Восемь лет назад у Карпова было их вдвое больше, но что о том вспоминать. Одно за другим продавал их Федор Иванович, как только начинал нуждаться в серебряных рублевиках, а нужду в них из-за постоянной покупки книг он испытывал частенько. Остановился, лишь когда осознал - еще немного, и потомству он вовсе ничего не оставит, а это не дело. Для человека, проживающего в деревне, его скромного достатка еще кое-как хватало, а вот удоволить четырех сыновей, один из которых, по имени Долмат, сам обзавелся детьми, у него уже никак не выходило.

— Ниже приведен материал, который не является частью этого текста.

Definition binv2 (s : H -> H * H) (t : H * H -> H) : Prop :=
  (forall (a : C) u v, s (a *: u + v) = a *: s u + s v) /\
  (exists M : C, forall v, sq2 (s v) <= M ^+ 2 * `|v| ^+ 2) /\
  (forall (a : C) p q, t (a *: p + q) = a *: t p + t q) /\
  (exists M : C, forall p, `|t p| ^+ 2 <= M ^+ 2 * sq2 p) /\
  (forall v, t (s v) = v) /\ (forall p, s (t p) = p).

(* the block upper-triangular tuple [[x, h], [0, y]] in B(H^(2))^d *)
Definition blk d (x h y : tup d) (i : 'I_d) (p : H * H) : H * H :=
  (x i p.1 + h i p.2, y i p.2).

(* s^{-1} z s, with t = s^{-1} *)
Definition conj2 d (s : H -> H * H) (t : H * H -> H) (z : 'I_d -> H * H -> H * H)
  : tup d := fun i v => t (z i (s v)).

Definition nc_function d r (Om : set (tup d)) (f : tup d -> tup r) : Prop :=
  forall x y s t, Om x -> Om y -> binv2 s t ->
    Om (conj2 s t (blk x (@tzero d) y)) ->
    f (conj2 s t (blk x (@tzero d) y)) = conj2 s t (blk (f x) (@tzero r) (f y)).

Definition frechet_deriv d r (Om : set (tup d)) (f : tup d -> tup r)
    (x : tup d) (L : tup d -> tup r) : Prop :=
  (forall h, btup h -> btup (L h)) /\
  (forall (a : C) h k, btup h -> btup k ->
       L (tadd (tscale a h) k) = tadd (tscale a (L h)) (L k)) /\
  (exists M : C, forall h c, btup h -> tnorm_le h c -> tnorm_le (L h) (M * c)) /\
  (forall e : C, 0 < e -> exists del : C, 0 < del /\
     forall k, btup k -> Om (tadd x k) ->
       forall c : C, 0 <= c -> c < del -> tnorm_le k c ->
         tnorm_le (tsub (tsub (f (tadd x k)) (f x)) (L k)) (e * c)).

End NCDefs.

From HB Require Import structures.
From mathcomp Require Import all_boot all_order all_algebra.
From mathcomp Require Import complex.
From mathcomp Require Import all_classical all_reals all_analysis.
From mathcomp Require Import ring.
Import numFieldNormedType.Exports.
Import Order.TTheory GRing.Theory Num.Theory.
Local Open Scope ring_scope.
Local Open Scope classical_set_scope.
Local Open Scope complex_scope.

(* Conjugating by the similarity [[1, S], [0, 1]] turns the NC property into the identity
   f [[A, A S - S B], [0, B]] = [[f A, f(A) S - S f(B)], [0, f B]] (up to the similarity s).
   With S = 1/tau and A = x + tau h, B = x, the left-hand side is f at
   Y_tau = s^-1 [[x + tau h, h], [0, x]] s, and the right-hand side has the difference
   quotient of f in its corner, which tends to Df(x)[h] as tau -> 0.  It remains to see that
   f(Y_tau) -> f(Y_0): the same identity with S = lambda, A = Y', B = Y shows that
   lambda (f Y' - f Y) is a corner of f at a point near Y (+) Y when lambda |Y' - Y| is small,
   so f is locally Lipschitz as soon as it is locally bounded.  Local boundedness on a level
   Omega_k comes from infinite direct sums: the isometric embedding of H as the n-th summand
   intertwines the direct sum Z of a sequence z_n in Omega_k with z_n, hence f Z with f z_n,
   so |f z_n| <= |f Z| for all n. *)

Section Scalars.
Context {R : realType}.
Local Notation C := R[i].

Lemma ge0_Creal {x : C} : 0 <= x -> exists2 y : R, 0 <= y & x = y%:C.
Proof.
move=> x0; exists (complex.Re x); last by rewrite RRe_real // ger0_real.
by rewrite -ler0c RRe_real // ger0_real.
Qed.

Lemma near_inv_mul_lt {A B : C} : 0 <= A -> 0 < B ->
  \forall m \near \oo, (m.+1%:R)^-1 * A < B.
Proof.
move=> /ge0_Creal[a a0 ->] B0; have [b _ eB] := ge0_Creal (ltW B0).
move: B0; rewrite eB ltcR => b0.
exists (Num.Def.archi_bound (a / b)) => // m /= le_m.
have ab_lt : a / b < m.+1%:R.
  apply: lt_le_trans (archi_boundP _) _; first by rewrite divr_ge0 // ltW.
  by rewrite ler_nat ltnW.
rewrite -(rmorph_nat (@complex.real_complex R)) -fmorphV -rmorphM ltcR.
by rewrite mulrC ltr_pdivrMr ?ltr0Sn // -ltr_pdivrMl // mulrC.
Qed.

Lemma eq0_of_le_inv (a K : C) : 0 <= a -> 0 <= K ->
  (forall m : nat, a <= (m.+1%:R)^-1 * K) -> a = 0.
Proof.
move=> a0 K0 le_a; apply/eqP/negPn/negP => a_neq0.
have a_gt0 : 0 < a by rewrite lt0r a_neq0.
have [m /=] := filter_ex (near_inv_mul_lt K0 a_gt0).
by rewrite le_gtF.
Qed.

Lemma le_normM_of_sqr (x y z M : C) : 0 <= x -> 0 <= y -> 0 <= z ->
  z <= y ^+ 2 -> x ^+ 2 <= M ^+ 2 * z -> x <= `|M| * y.
Proof.
move=> x0 y0 z0 le_z le_x; rewrite -(@ler_pXn2r _ 2) ?nnegrE ?mulr_ge0 //.
apply: (le_trans le_x); have Mz0 : 0 <= M ^+ 2 * z := le_trans (exprn_ge0 2 x0) le_x.
rewrite -[M ^+ 2 * z]ger0_norm // normrM normrX (ger0_norm z0) exprMn.
by rewrite ler_wpM2l ?exprn_ge0.
Qed.

Lemma sqrrD_le {a b : C} : 0 <= a -> 0 <= b -> (a + b) ^+ 2 <= 2 * (a ^+ 2 + b ^+ 2).
Proof.
move=> a0 b0; rewrite -subr_ge0.
have -> : 2 * (a ^+ 2 + b ^+ 2) - (a + b) ^+ 2 = (a - b) ^+ 2 by ring.
by rewrite -realEsqr rpredB ?ger0_real.
Qed.

Lemma exists_nat_ge {x : C} : 0 <= x -> exists n : nat, x <= n%:R.
Proof.
move=> /ge0_Creal[y y0 ->]; exists (Num.Def.archi_bound y).
by rewrite -(rmorph_nat (@complex.real_complex R)) lecR ltW // archi_boundP.
Qed.

Lemma series_to_eventually0 (u : nat -> C) N : (forall n, (N <= n)%N -> u n = 0) ->
  series_to u (\sum_(0 <= k < N) u k).
Proof.
move=> u0 A /nbhs_singleton A_sum; exists N => // n /= le_Nn.
rewrite /series /= (big_cat_nat _ le_Nn) //= [X in _ + X]big1_seq ?addr0 // => k.
by rewrite mem_index_iota => /andP[_ /andP[/u0]].
Qed.

Lemma series_to_unique (u : nat -> C) L1 L2 : series_to u L1 -> series_to u L2 -> L1 = L2.
Proof. by move=> /(cvg_lim (@norm_hausdorff _ C^o)) <- /(cvg_lim (@norm_hausdorff _ C^o)). Qed.

End Scalars.

Section LinearLaw.
Context {R : realType} {U V : lmodType R[i]} {g : U -> V}.
Hypothesis g_lin : forall (a : R[i]) u v, g (a *: u + v) = a *: g u + g v.

Lemma linlawD u v : g (u + v) = g u + g v.
Proof. by move: (g_lin 1 u v); rewrite !scale1r. Qed.

Lemma linlawB u v : g (u - v) = g u - g v.
Proof. by rewrite addrC -scaleN1r g_lin scaleN1r addrC. Qed.

Lemma linlaw0 : g 0 = 0.
Proof. by rewrite -(subrr 0) linlawB subrr. Qed.

Lemma linlawZ a u : g (a *: u) = a *: g u.
Proof. by move: (g_lin a u 0); rewrite addr0 linlaw0 addr0. Qed.

End LinearLaw.

Section Operators.
Context {R : realType} {H : normedModType R[i]}.
Local Notation C := R[i].

Lemma btup_linop {d} {x : tup H d} i : btup x -> linop (x i).
Proof. by move=> /(_ i) []. Qed.

Lemma btup_bound {d} {x : tup H d} : btup x -> exists2 c : C, 0 < c & tnorm_le x c.
Proof.
move=> hx.
have /choice[M hM] : forall i, exists M : C, 0 <= M /\ forall v, `|x i v| <= M * `|v|.
  by move=> i; have [_ [M hM]] := hx i; exists M.
have M0 i : 0 <= M i by case: (hM i).
exists (\sum_i M i + 1) => [|i v]; first by rewrite (lt_le_trans ltr01) // lerDr sumr_ge0.
apply: le_trans (proj2 (hM i) v) _; rewrite ler_wpM2r //.
by rewrite (bigD1 i) //= -addrA lerDl addr_ge0 ?sumr_ge0.
Qed.

Lemma btupD {d} {a b : tup H d} : btup a -> btup b -> btup (tadd a b).
Proof.
move=> ha hb; have [ca ca0 hca] := btup_bound ha; have [cb cb0 hcb] := btup_bound hb.
move=> i; split=> [g u v|].
  by rewrite /tadd (btup_linop i ha) (btup_linop i hb) scalerDr addrACA.
exists (ca + cb); split=> [|v]; first by rewrite addr_ge0 ?ltW.
by rewrite mulrDl (le_trans (ler_normD _ _)) ?lerD.
Qed.

Lemma btupZ {d} (c : C) {a : tup H d} : btup a -> btup (tscale c a).
Proof.
move=> ha; have [ca ca0 hca] := btup_bound ha.
move=> i; split=> [g u v|].
  by rewrite /tscale (btup_linop i ha) scalerDr !scalerA mulrC.
exists (`|c| * ca); split=> [|v]; first by rewrite mulr_ge0 ?normr_ge0 ?ltW.
by rewrite /tscale normrZ -mulrA ler_wpM2l.
Qed.

Lemma btupB {d} {a b : tup H d} : btup a -> btup b -> btup (tsub a b).
Proof.
move=> ha hb; have -> : tsub a b = tadd a (tscale (-1) b).
  by apply/funext=> i; apply/funext=> v; rewrite /tadd /tscale scaleN1r.
by apply: btupD => //; apply: btupZ.
Qed.

Lemma tnorm_le_trans {d} {x : tup H d} {a b : C} : tnorm_le x a -> a <= b -> tnorm_le x b.
Proof. by move=> hx ab i v; rewrite (le_trans (hx i v)) ?ler_wpM2r. Qed.

Lemma tnorm_le_tsub_trans {d} {a b c : tup H d} {ca cb : C} :
  tnorm_le (tsub a b) ca -> tnorm_le (tsub b c) cb -> tnorm_le (tsub a c) (ca + cb).
Proof.
move=> hab hbc i v; rewrite /tsub -(subrKA (b i v)) mulrDl.
by rewrite (le_trans (ler_normD _ _)) ?lerD ?hab ?hbc.
Qed.

Lemma tnorm_le_tsubxx {d} (x : tup H d) : tnorm_le (tsub x x) 0.
Proof. by move=> i v; rewrite /tsub subrr normr0 mul0r. Qed.

Lemma tnorm_le_tsubC {d} {a b : tup H d} {c : C} : tnorm_le (tsub a b) c -> tnorm_le (tsub b a) c.
Proof. by move=> hab i v; rewrite /tsub distrC; apply: hab. Qed.

Lemma tnorm_leZ {d} (a : C) {x : tup H d} {c : C} :
  tnorm_le x c -> tnorm_le (tscale a x) (`|a| * c).
Proof. by move=> hx i v; rewrite /tscale normrZ -mulrA ler_wpM2l ?hx. Qed.
(* a subset of M_II, represented by a translation-saturated predicate on
   representatives, which is closed under inverses and composable products *)
Definition sub_almost_groupoid (T : set tile) (N : set dpp) : Prop :=
  (forall c, N c -> is_dpp T c) /\
  (forall c c', is_dpp T c' -> dpp_equiv c c' -> N c -> N c') /\
  (forall c, N c -> N (dinv c)) /\
  (forall c c' p, N c -> N c' -> composable T c c' -> is_prod T c c' p -> N p).

Definition rad (u : dpp) : \bar R :=
  ereal_sup [set r%:E | r in [set r : R | forall c, (dfst u).1 c ->
               eball c r `<=` \bigcup_(t in dpat u) t.1]].

Definition ptiling := (set tile * tile)%type.

Definition Mr (w : ptiling) (r : R) : ptiling :=
  ([set t | w.1 t /\ exists c p, w.2.1 c /\ t.1 p /\ edist p c <= r], w.2).

Definition ppat_equiv (P P' : ptiling) : Prop :=
  exists a, P'.1 = shift_pat a P.1 /\ P'.2 = tr a P.2.

Definition hdist (w w' : ptiling) : \bar R :=
  expeR (- ereal_sup [set r%:E | r in [set r : R | (0 <= r)%R /\ ppat_equiv (Mr w r) (Mr w' r)]])%E.

(* Omega: completion of {T_x}, realised as its closure among pointed tilings *)
Definition hull (T : set tile) : set ptiling :=
  [set w | is_tiling w.1 /\ w.1 w.2 /\
     forall e : R, 0 < e -> exists x, T x /\ (hdist w (T, x) < e%:E)%E].

Definition occurs (u : dpp) (w : ptiling) : Prop :=
  exists a, shift_pat a (dpat u) `<=` w.1 /\ tr a (dfst u) = w.2 /\ tr a (dsnd u) = w.2.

Вообще-то, невзирая на более чем скромный достаток, гостей Карпов любил. Приятно пообщаться с новым свежим человечком, особенно если у того в голове кое-что имеется. Но одно дело, когда это дружеский визит соседа, и совсем иное - когда это связано с конфликтом из-за лугов и лесных угодий, разгоревшимся между мужиками рубежных деревень. Емкая формулировка, гласящая, что "у сильного всегда бессильный виноват", появилась в XIX веке, но само правило отнюдь не было введено баснописцем Крыловым, а существовало всегда, в том числе и в те времена.